Exercise prompt: Among the entries below, count the lines with "signed" in them and state the total without comment.

(Data extracted from a collection)
+++++

(* Let $P$ be a finite poset with $b$ bottlenecks, and let $\mathcal{S}$ denote the set of all convex subsets of $P$ with exactly one interior element. Then $$\sum_{S\in\mathcal{S}}(-1)^{|S|}=-b.$$
   Context: A subset $I\subseteq P$ is an order ideal if $x\in I$ and $y\le x$ imply $y\in I$; a subset $J\subseteq P$ is an order filter if $x\in J$ and $y\ge x$ imply $y\in J$. A subset $C\subseteq P$ is convex (in the double shelling antimatroid of $P$) if $C=P\setminus(I\cup J)$ for some order ideal $I$ and order filter $J$. An element $x$ of a convex set $C$ is interior to $C$ if it is neither a minimal nor a maximal element of $C$ (equivalently, there are $a,c\in C$ with $a<x<c$). A bottleneck of $P$ is an element that is neither maximal nor minimal in $P$ but is comparable to every element of $P$. *)

From HB Require Import structures.
From mathcomp Require Import all_boot all_order all_algebra.
Set Implicit Arguments. Unset Strict Implicit. Unset Printing Implicit Defensive.
Import Order.TTheory GRing.Theory Num.Theory.
Local Open Scope order_scope.

Section Defs.
Context {d : Order.disp_t} {T : finPOrderType d}.

Definition order_ideal (I : {set T}) : bool :=
  [forall x, forall y, (x \in I) && (y <= x) ==> (y \in I)].

Definition order_filter (J : {set T}) : bool :=
  [forall x, forall y, (x \in J) && (x <= y) ==> (y \in J)].

(* C is convex in the double shelling antimatroid: C = P \ (I u J). *)
Definition ds_convex (C : {set T}) : bool :=
  [exists I : {set T}, exists J : {set T},
     [&& order_ideal I, order_filter J & C == ~: (I :|: J)]].

Definition interior_elt (C : {set T}) (x : T) : bool :=
  (x \in C) && [exists a, [exists c, [&& a \in C, c \in C, a < x & x < c]]].

Definition interior (C : {set T}) : {set T} := [set x | interior_elt C x].

Definition bottleneck (x : T) : bool :=
  [exists a, a < x] && [exists c, x < c] && [forall y, x >=< y].

Definition bottlenecks : {set T} := [set x | bottleneck x].
End Defs.

From HB Require Import structures.
From mathcomp Require Import all_boot all_order all_algebra.
Import Order.TTheory GRing.Theory Num.Theory.

(* Call S flat in W when S is a subset of W and no element of W lies strictly
   between two elements of S, i.e. S is convex in W and has no interior.  For
   every W the signed count of flat subsets of W is [W = set0]: toggling a
   maximal element of the part of W strictly below S (or, when that part is
   empty, a fixed minimal element of W) is a sign-reversing involution.
   A convex set with interior {x} is x |: S' with S' flat in P :\ x and x
   strictly between two elements of S'.  Its signed count is thus a
   combination of the flat counts for P :\ x and P, and, since a flat set
   through x lies entirely in {y | ~~ (y < x)} or in {y | ~~ (x < y)}, of the
   flat counts for these two sets and their intersection.  The resulting
   combination of indicators is exactly minus the indicator that x is a
   bottleneck. *)

Local Notation sgn S := ((-1 : int) ^+ #|S|)%R.

Lemma sumr_sign_reversing (R : numDomainType) (I : finType) (P : pred I)
    (F : I -> R) (f : I -> I) :
  {in P, forall i, P (f i)} -> {in P, involutive f} ->
  {in P, forall i, F (f i) = - F i}%R -> (\sum_(i | P i) F i = 0)%R.
Proof.
move=> fP fK Ff; pose g i := if P i then f i else i.
have Pg i : P (g i) = P i by rewrite /g; case: ifP => // Pi; rewrite fP.
have gK : involutive g.
  by move=> i; rewrite /g; case Pi: (P i); [rewrite fP ?fK | rewrite Pi].
have : (\sum_(i | P i) F i = - \sum_(i | P i) F i)%R.
  rewrite [LHS](reindex_inj (inv_inj gK)) -sumrN /=.
  by apply: eq_big => [i|i]; rewrite ?Pg // /g => Pi; rewrite Pi Ff.
by move/eqP; rewrite -subr_eq0 opprK -mulr2n mulrn_eq0 => /eqP.
Qed.

Lemma sumr_orb (R : zmodType) (I : finType) (P A B : pred I) (F : I -> R) :
  (\sum_(i | P i && (A i || B i)) F i =
   \sum_(i | P i && A i) F i + \sum_(i | P i && B i) F i
   - \sum_(i | P i && (A i && B i)) F i)%R.
Proof.
rewrite [LHS](bigID A) (bigID A (fun i => P i && B i)) /=.
have -> : (\sum_(i | P i && (A i || B i) && A i) F i = \sum_(i | P i && A i) F i)%R.
  by apply: eq_bigl => i /=; case: (A i); rewrite ?andbT ?andbF.
have -> : (\sum_(i | P i && (A i || B i) && ~~ A i) F i
          = \sum_(i | P i && B i && ~~ A i) F i)%R.
  by apply: eq_bigl => i /=; case: (A i); rewrite ?andbT ?andbF.
have -> : (\sum_(i | P i && B i && A i) F i = \sum_(i | P i && (A i && B i)) F i)%R.
  by apply: eq_bigl => i /=; rewrite andbAC andbA.
by rewrite addrA addrAC addrK.
Qed.

Lemma exists_maximal (X : finType) (r : rel X) (A : {set X}) :
  irreflexive r -> transitive r -> A != set0 ->
  exists2 e, e \in A & forall y, y \in A -> ~~ r e y.
Proof.
move=> irr tr /set0Pn[a aA].
have [e eA emin] := arg_minnP (fun e => #|[set y in A | r e y]|) aA.
exists e => // y yA; apply/negP => ey.
suff: #|[set z in A | r y z]| < #|[set z in A | r e z]| by rewrite ltnNge emin.
apply: proper_card; apply/properP; split.
  by apply/subsetP => z; rewrite !inE => /andP[-> /(tr _ _ _ ey)].
by exists y; rewrite !inE ?yA ?ey ?irr.
Qed.

Section Toggle.
Context {X : finType}.
Implicit Types (S : {set X}) (x : X).

Definition toggle S x := [set y | (y == x) (+) (y \in S)].

Lemma toggleK S x : toggle (toggle S x) x = S.
Proof. by apply/setP => y; rewrite !inE addKb. Qed.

+++++

Result of the task: 2